Le 17 avril dernier, le professeur Thibault Martin a été arrêté à quelques pas de son bureau parce qu’il voulait se rendre à son bureau. L’arrestation, entièrement injustifiée et démesurément musclée, s’est produite sous l’œil attentif du secrétaire général de l’UQO, quelques minutes après que le recteur eut demandé l’assistance du Service de police de la Ville de Gatineau. Une assistance demandée en vertu de l’article 41 du code criminel qui « autorise » le recteur – en tant que responsable d’un bien immeuble -, et le SPVG – en tant que mandataire du recteur -, à employer la force pour éloigner un intrus. Le 17 avril, Thibault Martin, un éminent universitaire et enseignant de grande classe est devenu, aux yeux du recteur, un intrus, sans motif et sous prétexte qu’il fallait protéger un immeuble. Le 17 avril, en voulant sauver « l’immeuble », Jean Vaillancourt a brisé la communauté et il a rompu avec une tradition médiévale : la police ne franchit pas le seuil des églises et des universités depuis le Moyen-Age, sauf dans les régimes autoritaires.
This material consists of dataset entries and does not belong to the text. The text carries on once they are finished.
Lemma sum_superset (f : pt -> R) l2 : forall l1, NoDup l1 -> NoDup l2 -> incl l1 l2 ->
  (forall x, In x l2 -> ~ In x l1 -> f x = 0) -> sum_list (map f l2) = sum_list (map f l1).
Proof.
  induction l2 as [|x l2 IH]; intros l1 Hn1 Hn2 Hinc Hz.
  - destruct l1 as [|y l1]; [reflexivity|]. exfalso. apply (Hinc y); simpl; auto.
  - inversion Hn2 as [|? ? Hx2 Hn2']; subst. cbn [map]. rewrite sum_list_cons.
    destruct (in_dec pt_eq_dec x l1) as [Hx|Hx].
    + destruct (in_split _ _ Hx) as [la [lb E]]. subst l1.
      rewrite map_app. cbn [map]. rewrite sum_list_app, sum_list_cons.
      rewrite (IH (la ++ lb)).
      * rewrite map_app, sum_list_app. ring.
      * eapply NoDup_remove_1; eauto.
      * auto.
      * intros y Hy.
        assert (Hy' : In y (la ++ x :: lb))
          by (apply in_app_iff in Hy; apply in_app_iff; simpl; tauto).
        destruct (Hinc y Hy') as [<-|]; auto.
        exfalso. apply (NoDup_remove_2 _ _ _ Hn1). exact Hy.
      * intros y Hy Hn. apply Hz; [right; auto|]. intro H'.
        apply in_app_iff in H'. simpl in H'.
        destruct H' as [H'|[<-|H']]; [apply Hn, in_app_iff; auto|contradiction|].
        apply Hn, in_app_iff; auto.
    + rewrite Hz by (simpl; auto). rewrite (IH l1); auto; try ring.
      * intros y Hy. destruct (Hinc y Hy) as [<-|]; auto; contradiction.
      * intros y Hy Hn; apply Hz; simpl; auto.
Qed.

(** * Contiguous maps are homotopic on geometric realizations *)

Lemma in_real_bound K a : in_real K a -> forall v, 0 <= a v <= 1.
Proof.
  intros [sigma [_ [_ [Hz [Hpos Hsum]]]]] v.
  destruct (in_dec pt_eq_dec v sigma) as [Hv|Hv].
  - split; auto. rewrite <- Hsum. apply sum_list_In; [|apply in_map; auto].
    intros y Hy. apply in_map_iff in Hy. destruct Hy as [x [<- Hx]]. auto.
  - rewrite Hz by auto. lra.
Qed.

Definition contiguous_to_incl (K L : list pt -> Prop) (f : pt -> pt) : Prop :=
  forall sigma, K sigma -> L (nodup pt_eq_dec (sigma ++ map f sigma)).

Definition straight_line (V : list pt) (f : pt -> pt) (a : pt -> R) (t : R) : pt -> R :=
  fun w => (1 - t) * real_map V f a w + t * a w.

Section StraightLine.

Variables (V : list pt) (f : pt -> pt).

Lemma real_map_mass (sigma tau : list pt) (a : pt -> R) :
  NoDup V -> NoDup sigma -> NoDup tau -> incl sigma V ->
  (forall v, In v sigma -> In (f v) tau) -> (forall v, ~ In v sigma -> a v = 0) ->
  sum_list (map (real_map V f a) tau) = sum_list (map a sigma).
Proof.
  intros HV Hs Ht Hinc Hf Hz. unfold real_map.
  rewrite (sum_swap (fun w v => if pt_eq_dec (f v) w then a v else 0)).
  rewrite (map_ext_in _ a).
  - apply sum_superset; auto.
  - intros v _. destruct (in_dec pt_eq_dec v sigma) as [Hv|Hv].
    + apply sum_indicator; auto.
    + rewrite (Hz v Hv). apply sum_zero. intros w _.
      destruct (pt_eq_dec (f v) w); reflexivity.
Qed.

Lemma real_map_bound a w : (forall v, 0 <= a v <= 1) ->
  Rabs (real_map V f a w) <= INR (length V) * 1.
Proof.
  intros Ha. apply sum_abs_bound. intros v _.
  destruct (pt_eq_dec (f v) w).
  - pose proof (Ha v). rewrite Rabs_pos_eq; lra.
  - rewrite Rabs_R0; lra.
Qed.

Lemma real_map_lipschitz a b w delta :
  (forall v, In v V -> Rabs (b v - a v) < delta) ->
  Rabs (real_map V f b w - real_map V f a w) <= INR (length V) * delta.
Proof.
  intros Hbv. unfold real_map. rewrite sum_sub. apply sum_abs_bound. intros v Hv.
  destruct (pt_eq_dec (f v) w).
  - left. apply Hbv; auto.
  - replace (0 - 0) with 0 by ring. rewrite Rabs_R0. pose proof (Hbv v Hv).
    pose proof (Rabs_pos (b v - a v)). lra.
Qed.
(* Let $\mathcal{X}=\mathcal{UD}(\chi,T',\theta)$ be the crystal on $\mathbb{Z}^6$ obtained by ultra-discretizing the positive geometric crystal $\chi$ of type $G_2^{(1)}$ described in the context, and let $B_\infty$ be the $D_4^{(3)}$-crystal described in the context. Then $\mathcal{X}$ is isomorphic to $B_\infty$ as a crystal, i.e. there is a bijection $\Omega:\mathcal{X}\to B_\infty$ such that $\Omega\circ\tilde e_i=\tilde e_i\circ\Omega$, $\Omega\circ\tilde f_i=\tilde f_i\circ\Omega$, $\varepsilon_i\circ\Omega=\varepsilon_i$ and $\varphi_i\circ\Omega=\varphi_i$ (hence also $\mathrm{wt}_i\circ\Omega=\mathrm{wt}_i$) for all $i\in\{0,1,2\}$.
   Context: Index set $I=\{0,1,2\}$. The affine Lie algebra $\mathfrak g$ of type $G_2^{(1)}$ has Cartan matrix $(a_{ij})_{i,j=0,1,2}$ with rows $(2,-1,0),(-1,2,-1),(0,-3,2)$; its Langlands dual is of type $D_4^{(3)}$, whose Cartan matrix has rows $(2,-1,0),(-1,2,-3),(0,-1,2)$. The geometric crystal $\chi$. Its underlying variety is the algebraic torus $T'=(\mathbb C^\times)^6$ with coordinates $x=(x_0,\dots,x_5)$ (realized in the paper, via the positive structure $\theta$, as $\{Y_0(x_0)Y_1(x_1)Y_2(x_2)Y_1(x_3)Y_2(x_4)Y_1(x_5)v\}$ inside the 15-dimensional fundamental representation $W(\varpi_1)$ of $G_2^{(1)}$, $v$ a highest vector; in the coordinates $x$ the structure is as follows). For $c\in\mathbb C^\times$: $i=1$: put $a=\frac{x_0}{x_1}$, $b=\frac{x_0x_2^3}{x_1^2x_3}$, $d=\frac{x_0x_2^3x_4^3}{x_1^2x_3^2x_5}$. Then $e_1^c(x)=(x_0,\mathcal C_1x_1,x_2,\mathcal C_3x_3,x_4,\mathcal C_5x_5)$ with $\mathcal C_1=\frac{ca+b+d}{a+b+d}$, $\mathcal C_3=\frac{ca+cb+d}{ca+b+d}$, $\mathcal C_5=\frac{c(a+b+d)}{ca+cb+d}$; $\varepsilon_1(x)=a+b+d$; $\gamma_1(x)=\frac{x_1^2x_3^2x_5^2}{x_0x_2^3x_4^3}$. $i=2$: put $p=\frac{x_1}{x_2}$, $q=\frac{x_1x_3}{x_2^2x_4}$. Then $e_2^c(x)=(x_0,x_1,\mathcal C_2x_2,x_3,\mathcal C_4x_4,x_5)$ with $\mathcal C_2=\frac{cp+q}{p+q}$, $\mathcal C_4=\frac{c(p+q)}{cp+q}$; $\varepsilon_2(x)=p+q$; $\gamma_2(x)=\frac{x_2^2x_4^2}{x_1x_3x_5}$. $i=0$: put $D=c^2x_0^2x_2^3x_3+x_1x_2^3x_3^2x_5+cx_0\big(x_1x_3^3+3x_1x_2x_3^2x_4+3x_1x_2^2x_3x_4^2+x_2^3(x_3^2+x_1x_4^3+x_1x_3x_5)\big)$, $E=x_0^2x_2^3x_3+x_1x_2^3x_3^2x_5+x_0\big(x_1x_3^3+3x_1x_2x_3^2x_4+3x_1x_2^2x_3x_4^2+x_2^3(x_3^2+x_1x_4^3+x_1x_3x_5)\big)$, $F=cx_0^2x_2^3x_3+x_1x_2^3x_3^2x_5+x_0\big(cx_1x_3^3+3cx_1x_2x_3^2x_4+3cx_1x_2^2x_3x_4^2+x_2^3(x_3^2+cx_1x_4^3+cx_1x_3x_5)\big)$, $G=cx_0^2x_2^3x_3+x_1x_2^3x_3^2x_5+x_0\big(x_1x_3^3+(2+c)x_1x_2x_3^2x_4+(1+2c)x_1x_2^2x_3x_4^2+x_2^3(x_3^2+cx_1x_4^3+cx_1x_3x_5)\big)$, $H=cx_0^2x_2^3x_3+x_1x_2^3x_3^2x_5+x_0\big(x_1x_3^3+3x_1x_2x_3^2x_4+3x_1x_2^2x_3x_4^2+x_2^3(x_3^2+x_1x_4^3+cx_1x_3x_5)\big)$. Then $e_0^c(x)=\big(\frac{D}{cE}x_0,\frac{F}{cE}x_1,\frac{G}{cE}x_2,\frac{DH}{c^2EF}x_3,\frac{D}{cG}x_4,\frac{D}{cH}x_5\big)$, $\varepsilon_0(x)=\frac{E}{x_0^3x_2^3x_3}$, $\gamma_0(x)=\frac{x_0^2}{x_1x_3x_5}$. All these are ratios of polynomials with positive coefficients (positive structure). Ultra-discretization. For a rational function $f(c,x)=g/h$ with $g,h$ polynomials in $c,x_0,\dots,x_5$ with positive coefficients, and $(k,n)\in\mathbb Z\times\mathbb Z^6$, set $\mathcal{UD}(f)(k,n)=\deg_t f(t^k,t^{n_0},\dots,t^{n_5})$, the degree (order of pole at $t=\infty$) in the variable $t$; equivalently $\max$ over monomials of $g$ of the linear form given by the exponents, minus the same for $h$. The crystal $\mathcal X=\mathcal{UD}(\chi,T',\theta)$ has underlying set $\mathbb Z^6\ni n=(n_0,\dots,n_5)$ and: if $e_i^c(x)=(x_0R_0(c,x),\dots,x_5R_5(c,x))$, then $\tilde e_i(n)=(n_j+\mathcal{UD}(R_j)(1,n))_{j=0}^5$ and $\tilde f_i(n)=(n_j+\mathcal{UD}(R_j)(-1,n))_{j=0}^5$; $\mathrm{wt}_i(n)=\mathcal{UD}(\gamma_i)(n)$, $\varepsilon_i(n)=\mathcal{UD}(\varepsilon_i)(n)$, $\varphi_i(n)=\varepsilon_i(n)+\mathrm{wt}_i(n)$. The crystal $B_\infty$ of type $D_4^{(3)}$. Its underlying set is $\{b=(b_1,b_2,b_3,\bar b_3,\bar b_2,\bar b_1)\in\mathbb Z^6: b_3\equiv\bar b_3 \pmod 2\}$. Write $(y)_+=\max(y,0)$. Set $s(b)=b_1+b_2+\frac{b_3+\bar b_3}{2}+\bar b_2+\bar b_1$, $z_1=\bar b_1-b_1$, $z_2=\bar b_2-\bar b_3$, $z_3=b_3-b_2$, $z_4=(\bar b_3-b_3)/2$, and $\max A=\max(0,z_1,z_1+z_2,z_1+z_2+3z_4,z_1+z_2+z_3+3z_4,2z_1+z_2+z_3+3z_4)$. Then $\varepsilon_1(b)=\bar b_1+(\bar b_3-\bar b_2+(b_2-b_3)_+)_+$, $\varphi_1(b)=b_1+(b_3-b_2+(\bar b_2-\bar b_3)_+)_+$; $\varepsilon_2(b)=\bar b_2+\frac12(b_3-\bar b_3)_+$, $\varphi_2(b)=b_2+\frac12(\bar b_3-b_3)_+$; $\varepsilon_0(b)=-s(b)+\max A-(2z_1+z_2+z_3+3z_4)$, $\varphi_0(b)=-s(b)+\max A$; $\mathrm{wt}_i=\varphi_i-\varepsilon_i$. $\tilde e_1b$ equals: $(\dots,\bar b_2+1,\bar b_1-1)$ if $\bar b_2-\bar b_3\ge(b_2-b_3)_+$; $(\dots,b_3+1,\bar b_3-1,\dots)$ if $\bar b_2-\bar b_3<0\le b_3-b_2$; $(b_1+1,b_2-1,\dots)$ if $(\bar b_2-\bar b_3)_+<b_2-b_3$. $\tilde f_1b$ equals: $(b_1-1,b_2+1,\dots)$ if $(\bar b_2-\bar b_3)_+\le b_2-b_3$; $(\dots,b_3-1,\bar b_3+1,\dots)$ if $\bar b_2-\bar b_3\le0<b_3-b_2$; $(\dots,\bar b_2-1,\bar b_1+1)$ if $\bar b_2-\bar b_3>(b_2-b_3)_+$. $\tilde e_2b$ equals $(\dots,\bar b_3+2,\bar b_2-1,\dots)$ if $\bar b_3\ge b_3$, and $(\dots,b_2+1,b_3-2,\dots)$ if $\bar b_3<b_3$. $\tilde f_2b$ equals $(\dots,b_2-1,b_3+2,\dots)$ if $\bar b_3\le b_3$, and $(\dots,\bar b_3-2,\bar b_2+1,\dots)$ if $\bar b_3>b_3$. (Here ''$\dots$'' means the unlisted coordinates are unchanged.) For $\tilde e_0$ consider the conditions $(E_1)$: $z_1+z_2+z_3+3z_4<0$, $z_1+z_2+3z_4<0$, $z_1+z_2<0$, $z_1<0$; $(E_2)$: $z_1+z_2+z_3+3z_4<0$, $z_2+3z_4<0$, $z_2<0$, $z_1\ge0$; $(E_3)$: $z_1+z_3+3z_4<0$, $z_3+3z_4<0$, $z_4<0$, $z_2\ge0$, $z_1+z_2\ge0$; $(E_4)$: $z_1+z_2+3z_4\ge0$, $z_2+3z_4\ge0$, $z_4\ge0$, $z_3<0$, $z_1+z_3<0$; $(E_5)$: $z_1+z_2+z_3+3z_4\ge0$, $z_3+3z_4\ge0$, $z_3\ge0$, $z_1<0$; $(E_6)$: $z_1+z_2+z_3+3z_4\ge0$, $z_1+z_3+3z_4\ge0$, $z_1+z_3\ge0$, $z_1\ge0$; and let $(F_j)$ be $(E_j)$ with $\ge$ replaced by $>$ and $<$ replaced by $\le$. Then $\tilde e_0b$ equals, under $(E_1)$ through $(E_6)$ respectively: $(b_1-1,\dots)$; $(\dots,b_3-1,\bar b_3-1,\dots,\bar b_1+1)$; $(\dots,b_3-2,\dots,\bar b_2+1,\dots)$; $(\dots,b_2-1,\dots,\bar b_3+2,\dots)$; $(b_1-1,\dots,b_3+1,\bar b_3+1,\dots)$; $(\dots,\bar b_1+1)$. And $\tilde f_0b$ equals, under $(F_1)$ through $(F_6)$ respectively: $(b_1+1,\dots)$; $(\dots,b_3+1,\bar b_3+1,\dots,\bar b_1-1)$; $(\dots,b_3+2,\dots,\bar b_2-1,\dots)$; $(\dots,b_2+1,\dots,\bar b_3-2,\dots)$; $(b_1+1,\dots,b_3-1,\bar b_3-1,\dots)$; $(\dots,\bar b_1-1)$. $B_\infty$ is the limit of the coherent family of perfect crystals of type $D_4^{(3)}$. *)

From HB Require Import structures.
From mathcomp Require Import all_boot all_order all_algebra.
Set Implicit Arguments. Unset Strict Implicit. Unset Printing Implicit Defensive.
Import Order.TTheory GRing.Theory Num.Theory.
Local Open Scope ring_scope.

Definition vec6 := {ffun 'I_6 -> int}.

Definition mk6 (a0 a1 a2 a3 a4 a5 : int) : vec6 :=
  [ffun j : 'I_6 => nth 0 [:: a0; a1; a2; a3; a4; a5] j].

(* Subtraction-free rational expressions in the variables             *)
(* c, x_0, ..., x_5 (variable index 0 is c, index j.+1 is x_j).       *)
Inductive pexpr : Type :=
| PV  : nat -> pexpr
| PK  : nat -> pexpr               (* the positive constant k.+1 *)
| PAdd : pexpr -> pexpr -> pexpr
| PMul : pexpr -> pexpr -> pexpr
| PDiv : pexpr -> pexpr -> pexpr.

(* Laurent polynomials with positive coefficients, as lists of monomials
   (coefficient, exponent vector of length 7 : (c, x_0, ..., x_5)). *)
Definition mono := (nat * seq int)%type.
Definition ppoly := seq mono.

Definition mono_mul (m1 m2 : mono) : mono :=
  ((m1.1 * m2.1)%N, [seq p.1 + p.2 | p <- zip m1.2 m2.2]).
Definition ppoly_mul (p q : ppoly) : ppoly :=
  [seq mono_mul m1 m2 | m1 <- p, m2 <- q].
Definition ppoly_var (j : nat) : ppoly :=
  [:: (1%N, [seq ((i == j) : nat)%:Z | i <- iota 0 7])].
Definition ppoly_const (k : nat) : ppoly := [:: (k.+1, nseq 7 0)].

Fixpoint to_frac (e : pexpr) : ppoly * ppoly :=
  match e with
  | PV j => (ppoly_var j, ppoly_const 0)
  | PK k => (ppoly_const k, ppoly_const 0)
  | PAdd e1 e2 => let (g1, h1) := to_frac e1 in let (g2, h2) := to_frac e2 in
      (ppoly_mul g1 h2 ++ ppoly_mul g2 h1, ppoly_mul h1 h2)
  | PMul e1 e2 => let (g1, h1) := to_frac e1 in let (g2, h2) := to_frac e2 in
      (ppoly_mul g1 g2, ppoly_mul h1 h2)
  | PDiv e1 e2 => let (g1, h1) := to_frac e1 in let (g2, h2) := to_frac e2 in
      (ppoly_mul g1 h2, ppoly_mul h1 g2)
  end.

Definition maxl (s : seq int) : int := foldr Num.max (head 0 s) s.

Definition mono_lin (k : int) (n : vec6) (m : mono) : int :=
  \sum_(i < 7) nth 0 m.2 i * nth 0 (k :: [seq n j | j <- enum 'I_6]) i.

(* deg_t g(t^k, t^n_0, ..., t^n_5) for g with positive coefficients. *)
Definition UDpoly (p : ppoly) (k : int) (n : vec6) : int :=
  maxl [seq mono_lin k n m | m <- p].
Depuis le 17 avril, Jean Vaillancourt refuse de reconnaitre son erreur allant même jusqu’à dire que si c’était à refaire, il referait EXACTEMENT LA MÊME CHOSE. Une véritable insulte pour Thibault Martin, pour tous les étudiants qui ont été arrêtés, pour toute la communauté universitaire.Aujourd’hui nous savons que nulle part ailleurs au Québec, des directions d’établissements ont autorisé l’occupation policière des bâtiments et ce, même si plusieurs universités et collèges ont dû composer avec une injonction; nulle part ailleurs des arrestations ont été programmées comme ce fut le cas à l’UQO; nulle part ailleurs des professeurs et étudiants ont été arrêtés, expulsés, brutalisés par la police comme ce fut le cas à l’intérieur même des murs de l’UQO. Il était donc possible de FAIRE AUTREMENT.

Réunis en assemblée générale le 1er mai dernier, les membres du syndicat des professeures et professeurs de l’UQO ont été unanimes à condamner la gestion catastrophique de la crise par la direction de l’UQO. Plus particulièrement, les professeurs ont été unanimes à condamner – et je cite – :

  • le recours aux forces policières sur le campus par la direction de l’UQO;
  • les arrestations, la violence sur le campus;
  • l’attitude de la direction de l’UQO face au traitement infligé au professeur Thibault Martin;
  • le refus ou l’omission des dirigeants de l‘UQO d‘intervenir pour empêcher les abus des forces policières, voire même la participation de certains dirigeants à ces abus.

Le 1er mai dernier, une majorité de professeurs ont demandé la démission du recteur Jean Vaillancourt et du secrétaire général Luc Maurice. Aujourd’hui, 18 juin, avec 2 mois de recul, ces démissions sont devenues des conditions sans lesquelles il sera impossible d’assurer à nouveau le bon fonctionnement et le développement de l’UQO.